Reputation: 145
I got a dataframe with a column called PE with values from 1 to 6:
> head(data)
NID PE
1 4
2 5
3 3
4 4
5 1
6 6
7 2
8 3
9 3
and need to create a new factor column with its values
> data$TYPE = factor(data$PE)
> head(data)
NID PE TYPE
1 4 4
2 5 5
3 3 3
4 4 4
5 1 1
6 6 6
7 2 2
8 3 3
9 3 3
> levels(data$TYPE)
[1] "1" "2" "3" "4" "5" "6"
But the problem is the numbers of levels.
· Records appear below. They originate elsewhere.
(* Let $v>0$, $N\ge1$, and consider the coagulation process $CP(N)$ with single-coagulation rates $\psi(i,j)=(i+j)v$, started from the state $(N,0,\dots,0)$ (total dissipation). Then for all $t\ge0$, $1\le r\le N$ and $\eta=(n_1,\dots,n_N)\in\Omega_{r,N}$, $$\mathbb P(X_N^{(\rho)}(t)=\eta)=N!\,e^{-N(r-1)vt}\big(1-e^{-Nvt}\big)^{N-r}N^{-(N-r)}\prod_{k=1}^N\frac{k^{(k-1)n_k}}{(k!)^{n_k}n_k!}.$$ Equivalently, the distribution is Gibbsian with $C_N=N!$ and weights $a_{k,N}(t)=e^{-(N-k)vt}(1-e^{-Nvt})^{k-1}N^{-(k-1)}\frac{k^{k-1}}{k!}$.
   Context: $\Omega_N=\{\eta=(n_1,\dots,n_N):\sum_k kn_k=N\}$ and $\Omega_{r,N}=\{\eta\in\Omega_N:n_1+\dots+n_N=r\}$. $CP(N)$ is the continuous-time Markov chain on $\Omega_N$ in which any cluster of size $i$ and any other cluster of size $j$ merge into a cluster of size $i+j$ at rate $\psi(i,j)$; thus the transition $\eta\to\eta^{(i,j)}$ has rate $n_in_j\psi(i,j)$ for $i\ne j$ and $\frac{n_i(n_i-1)}2\psi(i,i)$ for $i=j$. $X_N^{(\rho)}(t)$ denotes the process at time $t$, $\rho$ the initial distribution (here the point mass at $(N,0,\dots,0)$). *)

From Stdlib Require Import Reals Lra Lia Arith List.
Import ListNotations.
Open Scope R_scope.

(* A configuration eta = (n_1, ..., n_N) is encoded as a function nat -> nat,
   eta k = n_k = number of clusters of size k. *)
Definition state := nat -> nat.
The TYPE col must be recode only in 3 levels according to the data$PE values. 1,2 = level "1"; 3,4 = level "2" and 5,6 = level "3", and obtain something like this:
> head(data)
NID PE TYPE
1 4 2
2 5 3
3 3 2
4 4 2
5 1 1
6 6 3
7 2 1
8 3 2
9 3 2
> levels(data$TYPE)
[1] "1" "2" "3"
The solution may be very simple, but I feel that I am stuck and can only create useless junk code, so all help is appreciated.
Upvotes: 1
Views: 1994
Reputation: 43334
The simplest way is to create TYPE
with cut
, which is designed to bin numeric variables, instead of factor
:
df <- data.frame(NID = 1:9,
PE = c(4L, 5L, 3L, 4L, 1L, 6L, 2L, 3L, 3L))
df$TYPE <- cut(df$PE, 3, labels = 1:3)
df
#> NID PE TYPE
#> 1 1 4 2
#> 2 2 5 3
#> 3 3 3 2
#> 4 4 4 2
#> 5 5 1 1
#> 6 6 6 3
#> 7 7 2 1
#> 8 8 3 2
#> 9 9 3 2
str(df)
#> 'data.frame': 9 obs. of 3 variables:
#> $ NID : int 1 2 3 4 5 6 7 8 9
#> $ PE : int 4 5 3 4 1 6 2 3 3
#> $ TYPE: Factor w/ 3 levels "1","2","3": 2 3 2 2 1 3 1 2 2
You may need to set the breaks
parameter to an explicit vector of breaks instead of a number of bins to get it to discretize quite how you like.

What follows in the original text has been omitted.